A foreign worker is a person who works in a country other than the one of which he or she is a citizen. Migrant workers may follow work within their own country or between countries, depending on which definition is used. Some foreign workers are present temporarily and legally through a guest worker program in a country with more preferred job prospects than their home country. Some are illegal aliens. Foreign workers temporarily reside in the country in which they work, and will often send most or all wages earned back to their country of origin.
In Canada, foreign nationals are accepted into Canada on a temporary basis for a number of reasons, including student visas, refugee claims, or under special permits. The largest category however is called the Temporary Foreign Worker Program (TFWP), under which workers are brought to Canada by their employers for specific jobs. In 2006, there were a total of 265,000 foreign workers in Canada. Amongst those of working age, there was a 118% increase from 1996. By 2008, the intake of non-permanent immigrants (399,523, the majority of whom are TFWs), had overtaken the intake of permanent immigrants (247,243).
Green card workers are individuals who have requested and received legal permanent residence in the United States from the government and who intend to work in the United States on a permanent basis.
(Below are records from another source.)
(* For all integers $k\ge3$ and $n\ge k$ there exist a connected unweighted graph $G$ on $n$ vertices, $k$ singleton groups $R_1=\{r_1\},\dots,R_k=\{r_k\}$ and a source vertex $s$ such that every spanning subgraph $H$ of $G$ satisfying $\sigma_H(s,t)\le\alpha\,\sigma_G(s,t)$ for all $t\in V$ with some $\alpha<2-\frac{2}{k}$ has at least $n$ edges.
   Context: Unweighted means every edge has weight $1$. Paths are walks; lengths count edge weights with multiplicity. A group Steiner path from $s$ to $t$ is a path from $s$ to $t$ containing at least one vertex of each group $R_i$; $\sigma_X(s,t)$ is the minimum length of such a path in graph $X$ (with $s=t$ allowed). *)

From mathcomp Require Import all_boot all_order all_algebra.
From mathcomp Require Export reals.
Set Implicit Arguments. Unset Strict Implicit. Unset Printing Implicit Defensive.

Definition simple_graph (n : nat) (e : rel 'I_n) : Prop :=
  symmetric e /\ irreflexive e.

Definition connected_graph (n : nat) (e : rel 'I_n) : Prop :=
  forall x y, connect e x y.

Definition spanning_subgraph (n : nat) (H G : rel 'I_n) : Prop :=
  simple_graph H /\ (forall x y, H x y -> G x y).

Definition num_edges (n : nat) (e : rel 'I_n) : nat :=
  #|[set p : 'I_n * 'I_n | (p.1 < p.2)%N && e p.1 p.2]|.

(* A walk from s to t is s :: p with path e s p and last s p = t; its length
   (number of edges, unweighted) is size p.  It is a group Steiner path for
   singleton groups R_i = {r i} if every r i occurs among its vertices. *)
Definition group_steiner_walk (n k : nat) (e : rel 'I_n) (r : 'I_k -> 'I_n)
    (s t : 'I_n) (p : seq 'I_n) : Prop :=
  path e s p /\ last s p = t /\ (forall i, r i \in s :: p).

Definition is_sigma (n k : nat) (e : rel 'I_n) (r : 'I_k -> 'I_n)
    (s t : 'I_n) (d : nat) : Prop :=
  (exists p, group_steiner_walk e r s t p /\ size p = d) /\
  (forall p, group_steiner_walk e r s t p -> (d <= size p)%N).

From mathcomp Require Import all_boot all_order all_algebra reals.
From mathcomp Require Import zify ring lra.

Set Implicit Arguments.
Unset Strict Implicit.
Unset Printing Implicit Defensive.

(* G is the lollipop graph: the terminals 0, ..., k-1 form a cycle, and the
   remaining vertices k, ..., n-1 form a path hanging from s = 0; it has n
   edges, so it suffices to show that H keeps every edge of G.
   A tail edge is a bridge separating s from its far endpoint t, so a walk
   from s to t in H needs it.  If H drops a cycle edge xy, the distance along
   the cycle cut open at xy (tail vertices sitting at 0) is 1-Lipschitz on H
   and differs by k-1 at x and y, so a closed walk from s visiting both has
   length at least 2(k-1), while the cycle itself is such a walk of length k
   in G; and 2(k-1) > alpha k whenever alpha < 2 - 2/k. *)

Section LipschitzWalks.
Variables (T : eqType) (e : rel T) (f : T -> nat).
Hypothesis f_lipschitz : forall u v, e u v -> `|f u - f v| <= 1.

Lemma path_dist_last x p : path e x p -> `|f x - f (last x p)| <= size p.
Proof.
elim: p x => [|y p IHp] x /=; first by rewrite distnn.
by case/andP=> /f_lipschitz exy /IHp; lia.
Qed.

Lemma path_dist_mem x p u : path e x p -> u \in x :: p ->
  `|f x - f u| + `|f u - f (last x p)| <= size p.
Proof.
move=> + u_p; case/splitPl: u_p => p1 p2 last_p1.
rewrite cat_path last_cat size_cat last_p1 => /andP[/path_dist_last].
by rewrite last_p1 => + /path_dist_last; lia.
Qed.

Lemma closed_path_dist x p u w : path e x p -> last x p = x ->
  u \in x :: p -> w \in x :: p -> 2 * `|f u - f w| <= size p.
Proof.
move=> + + u_p; case/splitPl: u_p => p1 p2 last_p1.
rewrite cat_path last_cat size_cat last_p1 => /andP[e_p1 e_p2] closed.
rewrite -cat_cons mem_cat => /orP[w_p1|w_p2].
- have := path_dist_mem e_p1 w_p1; have := path_dist_last e_p2.
  by rewrite last_p1 closed; lia.
- have w_p2' : w \in u :: p2 by rewrite inE w_p2 orbT.
  have := path_dist_mem e_p2 w_p2'; have := path_dist_last e_p1.
  by rewrite last_p1 closed; lia.
Qed.

End LipschitzWalks.

Definition lollipop_adj (k a b : nat) : bool :=
  [|| (a.+1 == b) && (b != k), (a == 0) && (b == k.-1) | (a == 0) && (b == k)].

Definition lollipop (k m : nat) : rel 'I_m :=
  fun x y => lollipop_adj k x y || lollipop_adj k y x.
Arguments lollipop k {m}.

(* The cycle is cut open at the edge xy between c and c + 1 (mod k), where
   c = k-1 for the closing edge {0, k-1}; cut_dist counts the steps from c + 1
   going away from c, and gives tail vertices the value of 0. *)
Definition cut_dist (k x y v : nat) : nat :=
  let c := if y == x.+1 then x else k.-1 in
  if v < k then (if c < v then v - c.+1 else v + k - c.+1) else k - c.+1.

Lemma lollipop_adj_lt k a b : 1 < k -> lollipop_adj k a b -> a < b.
Proof. by rewrite /lollipop_adj; lia. Qed.

Lemma cut_dist_lipschitz k x y u v : 2 < k -> y < k ->
  lollipop_adj k x y -> lollipop_adj k u v -> (u, v) != (x, y) ->
  `|cut_dist k x y u - cut_dist k x y v| <= 1.
Proof.
rewrite /lollipop_adj /cut_dist xpair_eqE => k_gt2 y_lt.
by repeat case: ifP; lia.
Qed.

Lemma cut_dist_cut k x y : 2 < k -> y < k -> lollipop_adj k x y ->
  `|cut_dist k x y x - cut_dist k x y y| = k.-1.
Proof. by rewrite /lollipop_adj /cut_dist => k_gt2 y_lt; repeat case: ifP; lia. Qed.

Lemma lollipop_adj_bridge k x y u v : 1 < k -> k <= y ->
  lollipop_adj k x y -> lollipop_adj k u v -> u < y <= v -> u = x /\ v = y.
Proof. by rewrite /lollipop_adj; lia. Qed.

Lemma leq_num_edges m (e1 e2 : rel 'I_m) :
  (forall x y, e1 x y -> e2 x y) -> num_edges e1 <= num_edges e2.
Proof.
move=> sub12; apply/subset_leq_card/subsetP => p.
by rewrite !inE => /andP[-> /sub12].
Qed.

Section Lollipop.
Variables (k n : nat).
Hypotheses (k_gt2 : 2 < k) (k_le : k <= n.+1).

Local Notation G := (@lollipop k n.+1).
Local Notation r := (widen_ord k_le).

Lemma lollipop_simple : simple_graph G.
Proof.
split=> [x y|x]; first by rewrite /lollipop orbC.
by rewrite /lollipop orbb; apply/negP => /(lollipop_adj_lt (ltnW k_gt2)); rewrite ltnn.
Qed.

Lemma lollipop_inord a b : a < n.+1 -> b < n.+1 -> lollipop_adj k a b ->
  G (inord a) (inord b).
Proof. by move=> a_lt b_lt adj_ab; rewrite /lollipop !inordK // adj_ab. Qed.

Lemma lollipop_connected : connected_graph G.
Proof.
have from0 m : m < n.+1 -> connect G ord0 (inord m).
  elim: m => [|m IHm] m_lt; first by rewrite -[ord0]inord_val.
  have [m1_k|m1_k] := eqVneq m.+1 k.
    rewrite -[ord0]inord_val connect1 // lollipop_inord //.
    by rewrite /lollipop_adj m1_k !eqxx !orbT.
  apply: connect_trans (IHm (ltnW m_lt)) (connect1 _).
  by rewrite lollipop_inord ?(ltnW m_lt) // /lollipop_adj eqxx m1_k.
move=> x y; apply: (@connect_trans _ _ ord0).
  rewrite (sym_connect_sym lollipop_simple.1).
  by rewrite -[x]inord_val from0.
by rewrite -[y]inord_val from0.
Qed.

Lemma lollipop_num_edges : n.+1 <= num_edges G.
Proof.
pose pred_v (v : nat) := if v == 0 then k.-1 else if v == k then 0 else v.-1.
pose edge_of (v : 'I_n.+1) : 'I_n.+1 * 'I_n.+1 :=
  (inord (minn (pred_v v) v), inord (maxn (pred_v v) v)).
have pred_lt (v : 'I_n.+1) : pred_v v < n.+1.
  by have := ltn_ord v; rewrite /pred_v; repeat case: ifP; lia.
have edge_of_inj : injective edge_of.
  move=> u v [/(congr1 val) eq_min /(congr1 val) eq_max]; apply: val_inj.
  move: eq_min eq_max; rewrite /= !inordK ?gtn_min ?gtn_max ?pred_lt ?ltn_ord //.
  by have := ltn_ord u; have := ltn_ord v; rewrite /pred_v; repeat case: ifP; lia.
rewrite -[X in X <= _]card_ord -cardsT -(card_imset _ edge_of_inj).
apply/subset_leq_card/subsetP => _ /imsetP[v _ ->].
rewrite inE /lollipop /= !inordK ?gtn_min ?gtn_max ?pred_lt ?ltn_ord //.
by have := ltn_ord v; rewrite /pred_v /lollipop_adj; repeat case: ifP; lia.
Qed.

Lemma lollipop_tour : exists p, group_steiner_walk G r ord0 ord0 p /\ size p = k.
Proof.
pose p := mkseq (fun i => inord (i.+1 %% k) : 'I_n.+1) k.
have nth_p i : i <= k -> nth ord0 (ord0 :: p) i = inord (i %% k).
  case: i => [|i] i_le /=; first by rewrite mod0n -[ord0]inord_val.
  by rewrite nth_mkseq.
exists p; split; last exact: size_mkseq.
split; [|split].
- apply/(pathP ord0) => i; rewrite size_mkseq => i_lt.
  rewrite nth_p ?(ltnW i_lt) // nth_mkseq // (modn_small i_lt) /lollipop.
  have [i1_k|i1_k] := eqVneq i.+1 k.
    by rewrite i1_k modnn !inordK /lollipop_adj; lia.
  by rewrite modn_small ?inordK /lollipop_adj; lia.
- by rewrite (last_nth ord0) size_mkseq nth_p // modnn -[ord0]inord_val.
- move=> i; rewrite inE; apply/orP; have [i0|i_pos] := posnP i.
    by left; apply/eqP/val_inj; rewrite /= i0.
  have i_lt := ltn_ord i.
  right; apply/mapP; exists i.-1; first by rewrite mem_iota; lia.
  by apply/val_inj; rewrite /= prednK // modn_small // inordK; lia.
Qed.

Variable H : rel 'I_n.+1.
Hypothesis H_sub : spanning_subgraph H G.

Lemma terminal_mem (v : 'I_n.+1) p : v < k -> (forall i, r i \in ord0 :: p) ->
  v \in ord0 :: p.
Proof. by move=> v_lt /(_ (Ordinal v_lt)); congr (_ \in _ :: _); apply: val_inj. Qed.

Lemma tour_avoiding_cycle_edge (x y : 'I_n.+1) p : y < k -> lollipop_adj k x y ->
  ~~ H x y -> group_steiner_walk H r ord0 ord0 p -> 2 * k.-1 <= size p.
Proof.
move: H_sub => [[H_sym _] H_G] y_lt adj_xy nHxy [H_p [closed terms]].
have x_lt : x < k := ltn_trans (lollipop_adj_lt (ltnW k_gt2) adj_xy) y_lt.
have lip (u v : 'I_n.+1) : H u v -> `|cut_dist k x y u - cut_dist k x y v| <= 1.
  move=> Huv; case/orP: (H_G _ _ Huv) => [adj_uv|adj_vu].
  - apply: cut_dist_lipschitz adj_uv _ => //.
    by apply: contraNneq nHxy => -[/val_inj <- /val_inj <-].
  - rewrite distnC; apply: cut_dist_lipschitz adj_vu _ => //.
    by apply: contraNneq nHxy => -[/val_inj <- /val_inj <-]; rewrite H_sym.
have := closed_path_dist lip H_p closed (terminal_mem x_lt terms) (terminal_mem y_lt terms).
by rewrite cut_dist_cut.
Qed.

Lemma tail_edge_kept (x y : 'I_n.+1) p : k <= y -> lollipop_adj k x y ->
  group_steiner_walk H r ord0 y p -> H x y.
Proof.
move: H_sub => [[H_sym _] H_G] y_ge adj_xy [H_p [last_p _]].
apply/negPn/negP => nHxy.
have no_cross (u v : 'I_n.+1) : H u v -> u < y <= v -> False.
  move=> Huv uyv; case/orP: (H_G _ _ Huv) => [adj_uv|/lollipop_adj_lt adj_vu].
  - have [/val_inj eux /val_inj evy] := lollipop_adj_bridge (ltnW k_gt2) y_ge adj_xy adj_uv uyv.
    by move: Huv; rewrite eux evy (negbTE nHxy).
  - by have := adj_vu (ltnW k_gt2); lia.
have closed_below : closed H [pred v : 'I_n.+1 | v < y].
  move=> u v Huv; rewrite !inE.
  have [u_lt|u_ge] := ltnP u y; have [v_lt|v_ge] := ltnP v y => //.
  - by case: (no_cross u v Huv); rewrite u_lt v_ge.
  - by case: (no_cross v u); rewrite 1?H_sym ?v_lt.
have := closed_connect closed_below (path_connect H_p (mem_last ord0 p)).
by rewrite last_p !inE /= ltnn; lia.
Qed.

End Lollipop.

Import Order.TTheory GRing.Theory Num.Theory.
Local Open Scope ring_scope.

Lemma stretch_lt_detour (R : realFieldType) (k dH dG : nat) (alpha : R) :
  (1 < k)%N -> (2 * k.-1 <= dH)%N -> (dG <= k)%N -> alpha < 2 - 2 / k%:R ->
  alpha * dG%:R < dH%:R.
Proof.
move=> k_gt1 dH_ge dG_le alpha_lt.
have k_gt1R : 1 < k%:R :> R by rewrite ltr1n.
have k_gt0 : 0 < k%:R :> R by lra.
have detour : 2 * k%:R - 2 <= dH%:R :> R.
  have kE : k%:R = k.-1%:R + 1 :> R by rewrite natr1 prednK // ltnW.
  by move: dH_ge; rewrite -(ler_nat R) natrM; lra.
have stretch_k : alpha * k%:R < 2 * k%:R - 2.
  have -> : 2 * k%:R - 2 = (2 - 2 / k%:R) * k%:R :> R.
    by field; rewrite gt_eqF.
  by rewrite ltr_pM2r.
have dG_le' : dG%:R <= k%:R :> R by rewrite ler_nat.
have [alpha_ge0|alpha_lt0] := lerP 0 alpha.
- by have := ler_wpM2l alpha_ge0 dG_le'; lra.
- have : alpha * dG%:R <= 0 by rewrite mulr_le0_ge0 // ltW.
  lra.
Qed.

Theorem mainTheorem12 (R : realType) (k n : nat) :
  (3 <= k)%N -> (k <= n)%N ->
  exists (G : rel 'I_n) (r : 'I_k -> 'I_n) (s : 'I_n),
    [/\ simple_graph G, connected_graph G, injective r &
      forall H : rel 'I_n, spanning_subgraph H G ->
        (exists alpha : R, alpha < 2 - 2 / k%:R /\
           forall t : 'I_n, exists dH dG : nat,
             [/\ is_sigma H r s t dH, is_sigma G r s t dG &
                 dH%:R <= alpha * dG%:R]) ->
        (n <= num_edges H)%N].
Proof.
move=> k_gt2; case: n => [|n] k_le; first by case: k k_gt2 k_le.
exists (lollipop k), (widen_ord k_le), ord0; split.
- exact: lollipop_simple.
- exact: lollipop_connected.
- by move=> i j /(congr1 val) /= /val_inj.
move=> H H_sub [alpha [alpha_lt sigma_le]].
apply: leq_trans (lollipop_num_edges k_gt2 k_le) (leq_num_edges _) => x y.
have [[H_sym _] _] := H_sub.
suff adj_kept (u v : 'I_n.+1) : lollipop_adj k u v -> H u v.
  by case/orP=> [/adj_kept | /adj_kept]; rewrite 1?H_sym.
move=> adj_uv; have [v_lt|v_ge] := ltnP v k.
- apply/negPn/negP => nHuv.
  have [dH [dG [[[p [walk <-]] _] [_ minG] dH_le]]] := sigma_le ord0.
  have dG_le : (dG <= k)%N by have [q [/minG + <-]] := lollipop_tour k_gt2 k_le.
  have := stretch_lt_detour (ltnW k_gt2)
    (tour_avoiding_cycle_edge k_gt2 H_sub v_lt adj_uv nHuv walk) dG_le alpha_lt.
  by rewrite ltNge dH_le.
- have [_ [_ [[[p [walk _]] _] _ _]]] := sigma_le v.
  by apply: tail_edge_kept walk.
Qed.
The great migration phase of labor migrants in the 20th century began in Germany during the 1950s, as the sovereign Germany since 1955 due to repeated pressure from NATO partners yielded to the request for closure of the so-called 'Anwerbe' Agreement (German: Anwerbeabkommen). The initial plan was a rotation principle: a temporary stay (usually two to three years), followed by a return to their homeland. The rotation principle proved inefficient for the industry, because the experienced workers were constantly replaced by inexperienced ones. The companies asked for legislation to extend the residence permits. Many of these foreign workers were followed by their families in the following period and stayed forever. Until the 1970s, more than four million migrant workers and their families came to Germany like this, mainly from the Mediterranean countries of Italy, Spain, the former Yugoslavia, Greece and Turkey. Since about 1990, came for the disintegration of the Soviet bloc and the enlargement of the European Union and guest workers from Eastern Europe to Western Europe Sometimes, a host country sets up a program in order to invite guest workers, as did the Federal Republic of Germany from 1955 until 1973, when over one million guest workers (German: Gastarbeiter) arrived, mostly from Italy, Spain and Turkey.